* [WORK INSTRUCTIONS]:
Nothing but an exact copy is wanted: the line with "Rsum (fun N" and each line after it in the data below, last line included.

····················

Lemma Rsum_block_pattern u : Rsum (fun x => indic (block_pattern u x)) L = 2 * INR p.
Proof.
  replace L with (q + q)%nat by lia. rewrite Rsum_add.
  rewrite (Rsum_ext _ (fun x => indic (in_window u x)))
    by (intros; unfold block_pattern; destruct (Nat.ltb_spec i q); auto; lia).
  rewrite (Rsum_ext (fun i => indic (block_pattern u (q + i)))
                    (fun i => indic (in_window u (q - 1 - i)))).
  - rewrite (Rsum_rev (fun i => indic (in_window u i))), Rsum_in_window. lra.
  - intros i Hi. unfold block_pattern. destruct (Nat.ltb_spec (q + i) q); [lia|]. do 2 f_equal. lia.
Qed.

Lemma Rsum_block_pattern_shifts x : Rsum (fun u => indic (block_pattern u x)) q = INR p.
Proof.
  assert (swap : forall y, Rsum (fun u => indic (in_window u y)) q = INR p).
  { intros y. rewrite <- (Rsum_in_window y). apply Rsum_ext. intros u _.
    unfold in_window. rewrite Nat.add_comm. reflexivity. }
  unfold block_pattern. destruct (x <? q)%nat; apply swap.
Qed.

Lemma block_pattern_mirror u x : (x < L)%nat -> block_pattern u (L - 1 - x) = block_pattern u x.
Proof.
  intros Hx. unfold block_pattern.
  destruct (Nat.ltb_spec (L - 1 - x) q), (Nat.ltb_spec x q); try lia; f_equal; lia.
Qed.

Lemma density_mul : INR q * density = INR p.
Proof. unfold density. assert (0 < INR q) by (apply lt_0_INR; auto). field. lra. Qed.

Lemma density_bounds : 0 <= density <= 1.
Proof.
  assert (0 < INR q) by (apply lt_0_INR; auto).
  assert (INR p <= INR q) by (apply le_INR; auto). pose proof (pos_INR p).
  pose proof density_mul. split; nra.
Qed.

Lemma dev_bound s a : Rabs (dev s a) <= 1.
Proof. pose proof density_bounds. unfold dev, indic. destruct (blockset s a); apply Rabs_le; lra. Qed.

Lemma dev_block_sum s K : Rsum (fun x => dev s (K * L + x)) L = 0.
Proof.
  unfold dev. rewrite Rsum_minus.
  rewrite (Rsum_ext _ (fun x => indic (block_pattern (s K) x))) by (intros; rewrite blockset_block; auto).
  rewrite Rsum_block_pattern, Rsum_const, mult_INR. pose proof density_mul. simpl (INR 2). lra.
Qed.

(* The mirror symmetry of a block makes its first moment a multiple of its sum. *)
Lemma dev_block_moment s K : Rsum (fun x => INR x * dev s (K * L + x)) L = 0.
Proof.
  set (g := fun x => INR x * dev s (K * L + x)).
  assert (H : Rsum g L = Rsum (fun x => INR (L - 1) * dev s (K * L + x)) L - Rsum g L).
  { rewrite <- (Rsum_rev g) at 1. rewrite <- Rsum_minus. apply Rsum_ext. intros i Hi. unfold g.
    assert (E : dev s (K * L + (L - 1 - i)) = dev s (K * L + i)).
    { unfold dev. rewrite !blockset_block, block_pattern_mirror by lia. reflexivity. }
    rewrite E, !minus_INR by lia. ring. }
  rewrite Rsum_scal, dev_block_sum in H. lra.
Qed.

Lemma Rsum_dev_blocks s K : Rsum (dev s) (K * L) = 0.
Proof.
  induction K; [reflexivity|].
  replace (S K * L)%nat with (K * L + L)%nat by lia.
  rewrite Rsum_add, IHK, dev_block_sum. lra.
Qed.

Lemma Rsum_dev_bound s n : Rabs (Rsum (dev s) n) <= INR L.
Proof.
  rewrite (Nat.div_mod_eq n L), Nat.mul_comm, Rsum_add, Rsum_dev_blocks, Rplus_0_l.
  eapply Rle_trans; [apply Rsum_abs_bound; intros; apply dev_bound|].
  rewrite Rmult_1_r. apply le_INR. pose proof (Nat.mod_upper_bound n L). lia.
Qed.

Lemma ramp_dev_blocks s K : ramp (dev s) (K * L) = 0.
Proof.
  induction K; [reflexivity|].
  replace (S K * L)%nat with (K * L + L)%nat by lia.
  rewrite ramp_add, IHK, Rsum_dev_blocks. unfold ramp.
  rewrite (Rsum_ext _ (fun x => INR L * dev s (K * L + x) - INR x * dev s (K * L + x)))
    by (intros; rewrite minus_INR by lia; ring).
  rewrite Rsum_minus, Rsum_scal, dev_block_sum, dev_block_moment. lra.
Qed.

Lemma ramp_dev_bound s n : Rabs (ramp (dev s) n) <= L2.
Proof.
  pose proof (Nat.mod_upper_bound n L ltac:(lia)).
  rewrite (Nat.div_mod_eq n L), Nat.mul_comm, ramp_add, ramp_dev_blocks, Rsum_dev_blocks.
  rewrite Rmult_0_r, !Rplus_0_l. unfold L2.
  eapply Rle_trans; [apply Rsum_abs_bound with (b := INR L)|].
  - intros i Hi. rewrite Rabs_mult, (Rabs_right (INR _)) by (apply Rle_ge, pos_INR).
    pose proof (dev_bound s (n / L * L + i)).
    assert (INR (n mod L - i) <= INR L) by (apply le_INR; lia).
    pose proof (pos_INR (n mod L - i)). pose proof (Rabs_pos (dev s (n / L * L + i))). nra.
  - apply Rmult_le_compat_r; [apply pos_INR | apply le_INR; lia].
Qed.

Lemma cross_term_bound s k N : Rabs (cross_term (dev s) L k N) <= L2.
Proof.
  unfold cross_term, L2. apply Rsum_abs_bound. intros x Hx.
  rewrite Rsum_prefix, Rabs_mult.
  pose proof (dev_bound s (k * L + x)).
  pose proof (Rsum_dev_bound s (Nat.min (k * L) (N + 1 - (k * L + x)))).
  pose proof (Rabs_pos (dev s (k * L + x))).
  pose proof (Rabs_pos (Rsum (dev s) (Nat.min (k * L) (N + 1 - (k * L + x))))).
  nra.
Qed.

Lemma cross_term_eq0 s k N : (2 * (k * L) + L <= N)%nat -> cross_term (dev s) L k N = 0.
Proof.
  intros HN. unfold cross_term. apply Rsum_eq0. intros x Hx.
  rewrite Rsum_prefix, Nat.min_l, Rsum_dev_blocks by lia. ring.
Qed.

Lemma dev_prefix s s' K a : (forall i, (i < K)%nat -> s i = s' i) ->
  (a < K * L)%nat -> dev s a = dev s' a.
Proof.
  intros H Ha. unfold dev, blockset. rewrite H; [reflexivity|].
  apply Nat.Div0.div_lt_upper_bound. lia.
Qed.

Lemma cross_term_prefix s s' k N : (forall i, (i < S k)%nat -> s i = s' i) ->
  cross_term (dev s) L k N = cross_term (dev s') L k N.
Proof.
  intros H. unfold cross_term. apply Rsum_ext. intros x Hx. f_equal.
  - apply (dev_prefix s s' (S k)); auto. lia.
  - apply Rsum_ext. intros a Ha. destruct (_ <=? N)%nat; auto.
    apply (dev_prefix s s' (S k)); auto. lia.
Qed.

Definition cross_part (s : nat -> nat) (K N : nat) : R :=
  Rsum (fun k => cross_term (dev s) L k N) K.

Lemma cross_part_prefix s s' K N : (forall i, (i < K)%nat -> s i = s' i) ->
  cross_part s K N = cross_part s' K N.
Proof.
  intros H. apply Rsum_ext. intros k Hk. apply cross_term_prefix. intros; apply H; lia.
Qed.

Lemma cross_part_eq0 s K N : ((2 * K + 1) * L <= N)%nat -> cross_part s K N = 0.
Proof.
  intros HN. apply Rsum_eq0. intros k Hk. apply cross_term_eq0.
  assert (S k * L <= K * L)%nat by (apply Nat.mul_le_mono_r; lia). lia.
Qed.

Lemma cross_part_upd s K u N :
  cross_part (upd s K u) (S K) N = cross_part s K N + cross_term (dev (upd s K u)) L K N.
Proof.
  unfold cross_part. rewrite Rsum_S. f_equal. apply cross_part_prefix.
  intros i Hi. apply upd_lt. auto.
Qed.

(* Block [K] meets the earlier blocks only through their (fixed) prefix sums, and
   over the [q] shifts of block [K] every position has mean deviation zero. *)
Lemma Rsum_cross_term_shifts s K N : Rsum (fun u => cross_term (dev (upd s K u)) L K N) q = 0.
Proof.
  set (P := fun x => Rsum (fun a => if (a + (K * L + x) <=? N)%nat then dev s a else 0) (K * L)).
  rewrite (Rsum_ext _ (fun u => Rsum (fun x => P x * (indic (block_pattern u x) - density)) L)).
  - rewrite Rsum_swap. apply Rsum_eq0. intros x Hx.
    rewrite Rsum_scal, Rsum_minus, Rsum_block_pattern_shifts, Rsum_const, density_mul. ring.
  - intros u Hu. unfold cross_term. apply Rsum_ext. intros x Hx. rewrite Rmult_comm. f_equal.
    + unfold P. apply Rsum_ext. intros a Ha. destruct (_ <=? N)%nat; auto.
      apply (dev_prefix _ _ K); auto. intros i Hi. apply upd_lt. auto.
    + unfold dev. rewrite blockset_block by auto. unfold upd. rewrite Nat.eqb_refl. reflexivity.
Qed.

Lemma diag_term_eq0_low s k N : (2 * (k * L) + 2 * L <= N + 2)%nat -> diag_term (dev s) L k N = 0.
Proof.
  intros HN. unfold diag_term. apply Rsum_eq0. intros x Hx.
  rewrite <- (Rmult_0_r (dev s (k * L + x))), <- (dev_block_sum s k), <- Rsum_scal.
  apply Rsum_ext. intros y Hy. destruct (Nat.leb_spec (k * L + y + (k * L + x)) N); [auto | lia].
Qed.

Lemma diag_term_eq0_high s k N : (N < 2 * (k * L))%nat -> diag_term (dev s) L k N = 0.
Proof.
  intros HN. unfold diag_term. apply Rsum_eq0. intros x Hx. apply Rsum_eq0. intros y Hy.
  destruct (Nat.leb_spec (k * L + y + (k * L + x)) N); [lia | auto].
Qed.

Lemma diag_term_bound s k N : Rabs (diag_term (dev s) L k N) <= L2.
Proof.
  unfold diag_term, L2. apply Rsum_abs_bound. intros x Hx.
  rewrite <- (Rmult_1_r (INR L)). apply Rsum_abs_bound. intros y Hy.
  destruct (_ <=? N)%nat; [|rewrite Rabs_R0; lra].
  rewrite Rabs_mult. pose proof (dev_bound s (k * L + x)). pose proof (dev_bound s (k * L + y)).
  pose proof (Rabs_pos (dev s (k * L + x))). pose proof (Rabs_pos (dev s (k * L + y))). nra.
Qed.

(* Only the block [k0] whose square straddles [N] contributes: lower blocks are
   complete, hence sum to zero, and higher ones lie beyond [N]. *)
Lemma Rsum_diag_term_bound s K N : Rabs (Rsum (fun k => diag_term (dev s) L k N) K) <= L2.
Proof.
  set (k0 := (N / (2 * L))%nat).
  pose proof (Nat.div_mod N (2 * L) ltac:(lia)). pose proof (Nat.mod_upper_bound N (2 * L) ltac:(lia)).
  eapply Rle_trans; [apply (Rsum_single _ K k0) | apply diag_term_bound].
  intros k Hk Hne. destruct (Nat.lt_ge_cases k k0).
  - apply diag_term_eq0_low.
    assert (S k * (2 * L) <= k0 * (2 * L))%nat by (apply Nat.mul_le_mono_r; lia). nia.
  - apply diag_term_eq0_high.
    assert (S k0 * (2 * L) <= k * (2 * L))%nat by (apply Nat.mul_le_mono_r; lia). nia.
Qed.

Lemma sumRA_blockset s N K : (N < K * L)%nat ->
  sumRA (blockset s) N = density ^ 2 * (INR (N + 1) * INR (N + 2) / 2)
    + 2 * density * ramp (dev s) (N + 1) + 2 * cross_part s K N
    + Rsum (fun k => diag_term (dev s) L k N) K.
Proof.
  intros HN. rewrite sumRA_tri_sum.
  rewrite (tri_sum_ext _ (fun a b => (density ^ 2 * 1 + density * dev s b) + density * dev s a
                                     + dev s a * dev s b)) by (intros; unfold dev; ring).
  rewrite !tri_sum_plus, !tri_sum_scal, tri_sum_one, tri_sum_left, tri_sum_right.
  rewrite (tri_sum_pair_sum _ N (K * L)), pair_sum_blocks by lia.
  unfold cross_part. ring.
Qed.

Lemma L2_pos : 0 < L2.
Proof. unfold L2. assert (0 < INR L) by (apply lt_0_INR; lia). nra. Qed.

Definition horizon (K : nat) : nat := ((2 * K + 1) * L)%nat.

(* Pessimistic estimator for the event that some [cross_part s K N] is large; the
   terms with [N >= horizon K] are omitted since there [cross_part s K N = 0]. *)
Definition estimator (s : nat -> nat) (K : nat) : R :=
  Rsum (fun N => weight N * potential (rate L2 N) L2 (cross_part s K N) K) (horizon K).

Lemma estimator_prefix s s' K : (forall i, (i < K)%nat -> s i = s' i) ->
  estimator s K = estimator s' K.
Proof.
  intros H. apply Rsum_ext. intros N HN. rewrite (cross_part_prefix s s' K N H). reflexivity.
Qed.

Lemma estimator_zero s : estimator s 0 <= 2 * Rsum weight (horizon 0).
Proof.
  rewrite <- Rsum_scal. apply Rsum_le. intros N HN. pose proof (weight_pos N).
  pose proof (potential_at_zero (rate L2 N) L2 0). unfold cross_part. simpl Rsum. nra.
Qed.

····················

* [WRITTEN ANSWER]:
  Rsum (fun N => weight N * potential (rate L2 N) L2 (cross_part s K N) K) (horizon K).

Lemma estimator_prefix s s' K : (forall i, (i < K)%nat -> s i = s' i) ->
  estimator s K = estimator s' K.
Proof.
  intros H. apply Rsum_ext. intros N HN. rewrite (cross_part_prefix s s' K N H). reflexivity.
Qed.

Lemma estimator_zero s : estimator s 0 <= 2 * Rsum weight (horizon 0).
Proof.
  rewrite <- Rsum_scal. apply Rsum_le. intros N HN. pose proof (weight_pos N).
  pose proof (potential_at_zero (rate L2 N) L2 0). unfold cross_part. simpl Rsum. nra.
Qed.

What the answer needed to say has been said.